#### Data provided
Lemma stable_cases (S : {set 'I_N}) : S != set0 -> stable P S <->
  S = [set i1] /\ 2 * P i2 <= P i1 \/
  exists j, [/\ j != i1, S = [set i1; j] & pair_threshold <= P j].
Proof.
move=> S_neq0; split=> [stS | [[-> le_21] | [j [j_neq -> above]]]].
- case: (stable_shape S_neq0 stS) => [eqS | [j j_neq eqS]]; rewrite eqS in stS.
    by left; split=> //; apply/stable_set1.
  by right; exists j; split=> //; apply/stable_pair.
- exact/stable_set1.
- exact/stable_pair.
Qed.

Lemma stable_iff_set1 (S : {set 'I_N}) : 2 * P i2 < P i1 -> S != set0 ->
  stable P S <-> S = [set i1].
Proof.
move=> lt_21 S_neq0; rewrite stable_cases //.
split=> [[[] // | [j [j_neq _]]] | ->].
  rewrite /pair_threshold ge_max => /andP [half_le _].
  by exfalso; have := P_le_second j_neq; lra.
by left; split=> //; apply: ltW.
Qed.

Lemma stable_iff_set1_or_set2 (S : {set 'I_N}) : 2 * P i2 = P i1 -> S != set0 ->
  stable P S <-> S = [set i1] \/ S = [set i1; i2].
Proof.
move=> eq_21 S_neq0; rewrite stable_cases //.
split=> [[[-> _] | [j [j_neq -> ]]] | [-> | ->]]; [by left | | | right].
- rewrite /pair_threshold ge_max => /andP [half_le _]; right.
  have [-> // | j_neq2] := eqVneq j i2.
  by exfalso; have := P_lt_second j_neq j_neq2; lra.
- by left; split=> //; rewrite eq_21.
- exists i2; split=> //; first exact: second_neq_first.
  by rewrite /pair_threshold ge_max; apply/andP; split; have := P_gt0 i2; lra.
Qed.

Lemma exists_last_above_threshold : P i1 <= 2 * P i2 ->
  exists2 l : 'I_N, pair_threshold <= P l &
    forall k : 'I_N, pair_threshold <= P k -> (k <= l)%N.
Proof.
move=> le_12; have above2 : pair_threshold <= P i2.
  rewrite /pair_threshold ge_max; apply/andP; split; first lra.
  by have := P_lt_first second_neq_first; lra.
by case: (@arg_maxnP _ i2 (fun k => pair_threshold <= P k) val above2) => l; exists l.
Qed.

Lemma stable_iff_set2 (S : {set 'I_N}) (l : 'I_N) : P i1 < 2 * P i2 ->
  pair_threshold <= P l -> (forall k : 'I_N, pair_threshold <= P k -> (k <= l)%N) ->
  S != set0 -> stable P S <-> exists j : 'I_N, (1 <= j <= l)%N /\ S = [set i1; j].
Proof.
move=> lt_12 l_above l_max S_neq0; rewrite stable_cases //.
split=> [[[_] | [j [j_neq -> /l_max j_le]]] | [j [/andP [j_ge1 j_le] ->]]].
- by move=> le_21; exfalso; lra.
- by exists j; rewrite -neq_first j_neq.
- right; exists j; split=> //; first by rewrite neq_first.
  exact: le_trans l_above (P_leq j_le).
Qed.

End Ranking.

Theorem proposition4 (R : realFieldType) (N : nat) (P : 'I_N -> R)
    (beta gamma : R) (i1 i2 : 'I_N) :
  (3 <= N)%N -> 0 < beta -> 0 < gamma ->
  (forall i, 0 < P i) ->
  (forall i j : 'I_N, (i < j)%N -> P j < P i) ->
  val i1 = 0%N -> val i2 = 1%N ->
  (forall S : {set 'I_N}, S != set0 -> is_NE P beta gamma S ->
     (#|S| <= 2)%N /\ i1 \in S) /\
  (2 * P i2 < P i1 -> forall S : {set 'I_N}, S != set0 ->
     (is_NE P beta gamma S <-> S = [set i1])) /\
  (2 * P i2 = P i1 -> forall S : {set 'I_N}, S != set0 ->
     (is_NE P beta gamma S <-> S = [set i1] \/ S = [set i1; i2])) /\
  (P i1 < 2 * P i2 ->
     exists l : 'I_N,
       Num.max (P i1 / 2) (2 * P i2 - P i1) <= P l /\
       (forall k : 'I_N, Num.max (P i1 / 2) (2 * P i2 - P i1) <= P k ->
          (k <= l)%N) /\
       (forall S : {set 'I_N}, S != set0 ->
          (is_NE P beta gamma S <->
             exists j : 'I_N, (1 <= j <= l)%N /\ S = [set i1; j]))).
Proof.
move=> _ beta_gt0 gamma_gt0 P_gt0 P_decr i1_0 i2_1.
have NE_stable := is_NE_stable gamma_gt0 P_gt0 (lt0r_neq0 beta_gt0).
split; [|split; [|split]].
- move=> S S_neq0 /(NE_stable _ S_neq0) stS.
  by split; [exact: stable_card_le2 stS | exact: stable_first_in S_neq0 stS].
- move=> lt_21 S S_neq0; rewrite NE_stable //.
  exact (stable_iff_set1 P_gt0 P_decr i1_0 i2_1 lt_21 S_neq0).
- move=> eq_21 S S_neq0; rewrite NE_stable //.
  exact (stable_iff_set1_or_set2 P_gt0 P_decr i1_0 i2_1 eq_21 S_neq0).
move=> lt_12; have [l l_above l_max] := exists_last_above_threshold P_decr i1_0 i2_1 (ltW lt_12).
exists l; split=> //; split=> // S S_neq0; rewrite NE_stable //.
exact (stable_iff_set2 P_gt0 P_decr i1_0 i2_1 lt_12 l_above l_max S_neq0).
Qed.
---
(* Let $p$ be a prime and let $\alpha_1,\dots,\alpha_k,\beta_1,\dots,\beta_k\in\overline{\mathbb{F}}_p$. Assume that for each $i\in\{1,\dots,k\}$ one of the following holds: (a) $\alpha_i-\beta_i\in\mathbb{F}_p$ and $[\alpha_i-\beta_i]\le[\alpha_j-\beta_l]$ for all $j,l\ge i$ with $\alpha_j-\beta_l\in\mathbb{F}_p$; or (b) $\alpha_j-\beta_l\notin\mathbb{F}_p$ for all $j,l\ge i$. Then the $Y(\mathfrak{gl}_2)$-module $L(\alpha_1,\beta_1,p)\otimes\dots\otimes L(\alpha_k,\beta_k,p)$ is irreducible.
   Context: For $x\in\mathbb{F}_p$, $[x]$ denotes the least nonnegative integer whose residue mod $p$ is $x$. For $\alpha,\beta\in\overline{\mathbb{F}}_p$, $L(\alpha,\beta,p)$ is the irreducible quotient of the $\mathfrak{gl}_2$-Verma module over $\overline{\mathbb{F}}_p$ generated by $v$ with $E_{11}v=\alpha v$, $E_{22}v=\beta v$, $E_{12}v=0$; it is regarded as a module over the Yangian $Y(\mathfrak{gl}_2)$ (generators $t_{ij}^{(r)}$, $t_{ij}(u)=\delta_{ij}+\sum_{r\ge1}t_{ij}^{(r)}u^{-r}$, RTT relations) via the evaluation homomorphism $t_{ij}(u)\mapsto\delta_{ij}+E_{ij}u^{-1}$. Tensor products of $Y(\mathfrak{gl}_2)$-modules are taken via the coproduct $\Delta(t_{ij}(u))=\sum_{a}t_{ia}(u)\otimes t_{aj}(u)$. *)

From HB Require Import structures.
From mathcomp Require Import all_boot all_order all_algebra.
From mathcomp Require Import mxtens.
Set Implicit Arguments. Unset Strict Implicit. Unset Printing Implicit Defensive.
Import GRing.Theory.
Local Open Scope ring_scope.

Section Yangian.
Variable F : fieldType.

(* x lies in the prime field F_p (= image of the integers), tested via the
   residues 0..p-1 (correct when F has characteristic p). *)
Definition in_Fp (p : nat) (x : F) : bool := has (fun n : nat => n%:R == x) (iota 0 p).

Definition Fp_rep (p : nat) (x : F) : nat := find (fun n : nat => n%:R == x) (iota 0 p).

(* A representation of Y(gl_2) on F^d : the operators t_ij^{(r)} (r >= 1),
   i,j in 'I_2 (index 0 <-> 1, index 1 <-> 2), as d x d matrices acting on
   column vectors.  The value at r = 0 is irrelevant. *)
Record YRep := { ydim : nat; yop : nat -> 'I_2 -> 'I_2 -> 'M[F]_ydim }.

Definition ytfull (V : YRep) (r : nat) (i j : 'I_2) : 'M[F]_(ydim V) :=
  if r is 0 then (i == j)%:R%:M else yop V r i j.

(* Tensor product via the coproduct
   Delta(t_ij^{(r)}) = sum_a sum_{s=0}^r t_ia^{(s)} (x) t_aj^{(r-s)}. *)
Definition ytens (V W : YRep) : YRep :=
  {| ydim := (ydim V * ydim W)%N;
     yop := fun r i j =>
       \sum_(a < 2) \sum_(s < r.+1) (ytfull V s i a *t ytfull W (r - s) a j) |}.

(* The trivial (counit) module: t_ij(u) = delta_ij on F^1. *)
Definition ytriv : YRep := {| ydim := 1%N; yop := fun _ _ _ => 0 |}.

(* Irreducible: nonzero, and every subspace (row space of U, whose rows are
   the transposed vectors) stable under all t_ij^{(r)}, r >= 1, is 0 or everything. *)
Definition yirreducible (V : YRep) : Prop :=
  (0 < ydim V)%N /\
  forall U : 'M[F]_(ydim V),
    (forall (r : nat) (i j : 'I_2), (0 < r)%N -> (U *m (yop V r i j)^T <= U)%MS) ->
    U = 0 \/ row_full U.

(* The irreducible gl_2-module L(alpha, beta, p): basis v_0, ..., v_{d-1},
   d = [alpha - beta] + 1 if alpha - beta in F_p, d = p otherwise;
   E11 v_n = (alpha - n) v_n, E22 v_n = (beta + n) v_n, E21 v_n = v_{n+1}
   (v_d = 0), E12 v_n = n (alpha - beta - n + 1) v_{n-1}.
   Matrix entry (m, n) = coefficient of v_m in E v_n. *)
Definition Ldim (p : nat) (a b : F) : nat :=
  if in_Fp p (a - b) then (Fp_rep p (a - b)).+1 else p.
--
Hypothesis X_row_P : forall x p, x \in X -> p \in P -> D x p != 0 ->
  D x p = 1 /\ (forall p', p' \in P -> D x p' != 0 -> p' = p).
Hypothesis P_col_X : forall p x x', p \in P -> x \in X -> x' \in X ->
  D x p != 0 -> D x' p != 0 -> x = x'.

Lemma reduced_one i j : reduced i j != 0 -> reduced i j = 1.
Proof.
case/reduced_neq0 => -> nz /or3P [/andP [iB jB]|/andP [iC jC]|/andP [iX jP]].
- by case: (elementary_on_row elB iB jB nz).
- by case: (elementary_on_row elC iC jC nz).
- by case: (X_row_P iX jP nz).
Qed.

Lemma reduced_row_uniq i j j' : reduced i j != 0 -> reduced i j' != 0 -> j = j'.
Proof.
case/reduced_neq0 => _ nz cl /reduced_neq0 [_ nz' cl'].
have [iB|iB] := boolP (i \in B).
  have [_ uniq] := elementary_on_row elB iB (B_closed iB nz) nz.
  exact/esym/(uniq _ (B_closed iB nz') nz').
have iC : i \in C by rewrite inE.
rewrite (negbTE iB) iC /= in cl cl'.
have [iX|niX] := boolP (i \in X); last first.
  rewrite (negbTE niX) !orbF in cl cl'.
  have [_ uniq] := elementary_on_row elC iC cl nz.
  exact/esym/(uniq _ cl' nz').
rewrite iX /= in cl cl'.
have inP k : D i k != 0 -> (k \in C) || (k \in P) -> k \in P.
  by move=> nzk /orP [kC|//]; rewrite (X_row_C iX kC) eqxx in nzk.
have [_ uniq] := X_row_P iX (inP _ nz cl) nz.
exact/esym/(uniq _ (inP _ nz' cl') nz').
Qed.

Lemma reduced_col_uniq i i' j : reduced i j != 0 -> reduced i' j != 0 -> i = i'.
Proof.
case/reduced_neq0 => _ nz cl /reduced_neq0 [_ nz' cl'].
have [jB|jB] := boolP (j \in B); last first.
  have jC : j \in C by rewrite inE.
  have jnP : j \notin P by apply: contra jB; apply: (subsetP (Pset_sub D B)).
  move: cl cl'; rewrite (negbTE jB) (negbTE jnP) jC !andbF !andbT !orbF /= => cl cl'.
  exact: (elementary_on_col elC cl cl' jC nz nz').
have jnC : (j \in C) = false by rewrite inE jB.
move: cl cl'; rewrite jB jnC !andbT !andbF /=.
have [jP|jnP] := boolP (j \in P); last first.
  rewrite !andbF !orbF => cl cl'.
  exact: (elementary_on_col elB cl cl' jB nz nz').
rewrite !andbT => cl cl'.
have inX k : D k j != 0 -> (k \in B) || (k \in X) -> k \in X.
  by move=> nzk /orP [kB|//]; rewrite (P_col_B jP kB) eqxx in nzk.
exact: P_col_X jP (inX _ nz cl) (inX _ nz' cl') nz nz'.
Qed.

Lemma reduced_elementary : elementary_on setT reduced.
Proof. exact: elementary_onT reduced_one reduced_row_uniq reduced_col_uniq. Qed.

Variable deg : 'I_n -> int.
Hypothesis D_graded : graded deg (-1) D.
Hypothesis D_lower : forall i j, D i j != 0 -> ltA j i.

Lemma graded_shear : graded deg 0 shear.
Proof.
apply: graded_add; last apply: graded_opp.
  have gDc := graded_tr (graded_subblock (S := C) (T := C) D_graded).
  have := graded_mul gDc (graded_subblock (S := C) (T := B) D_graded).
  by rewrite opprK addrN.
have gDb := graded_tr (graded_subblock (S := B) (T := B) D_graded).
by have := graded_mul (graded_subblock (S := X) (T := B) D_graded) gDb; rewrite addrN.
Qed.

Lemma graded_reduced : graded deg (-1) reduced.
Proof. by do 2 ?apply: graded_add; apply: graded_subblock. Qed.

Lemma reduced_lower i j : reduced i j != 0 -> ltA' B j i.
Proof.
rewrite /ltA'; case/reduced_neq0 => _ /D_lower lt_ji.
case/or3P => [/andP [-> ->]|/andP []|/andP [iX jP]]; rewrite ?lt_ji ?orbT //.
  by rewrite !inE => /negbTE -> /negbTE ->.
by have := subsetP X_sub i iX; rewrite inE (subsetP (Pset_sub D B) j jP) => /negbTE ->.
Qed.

#### Problem description
Print, without alteration, only the lines above between the one holding "Set Implicit Arguments." and the one holding "Definition Fp_rep (p", inclusive.

#### Result for this exercise
Set Implicit Arguments. Unset Strict Implicit. Unset Printing Implicit Defensive.
Import GRing.Theory.
Local Open Scope ring_scope.

Section Yangian.
Variable F : fieldType.

(* x lies in the prime field F_p (= image of the integers), tested via the
   residues 0..p-1 (correct when F has characteristic p). *)
Definition in_Fp (p : nat) (x : F) : bool := has (fun n : nat => n%:R == x) (iota 0 p).

Definition Fp_rep (p : nat) (x : F) : nat := find (fun n : nat => n%:R == x) (iota 0 p).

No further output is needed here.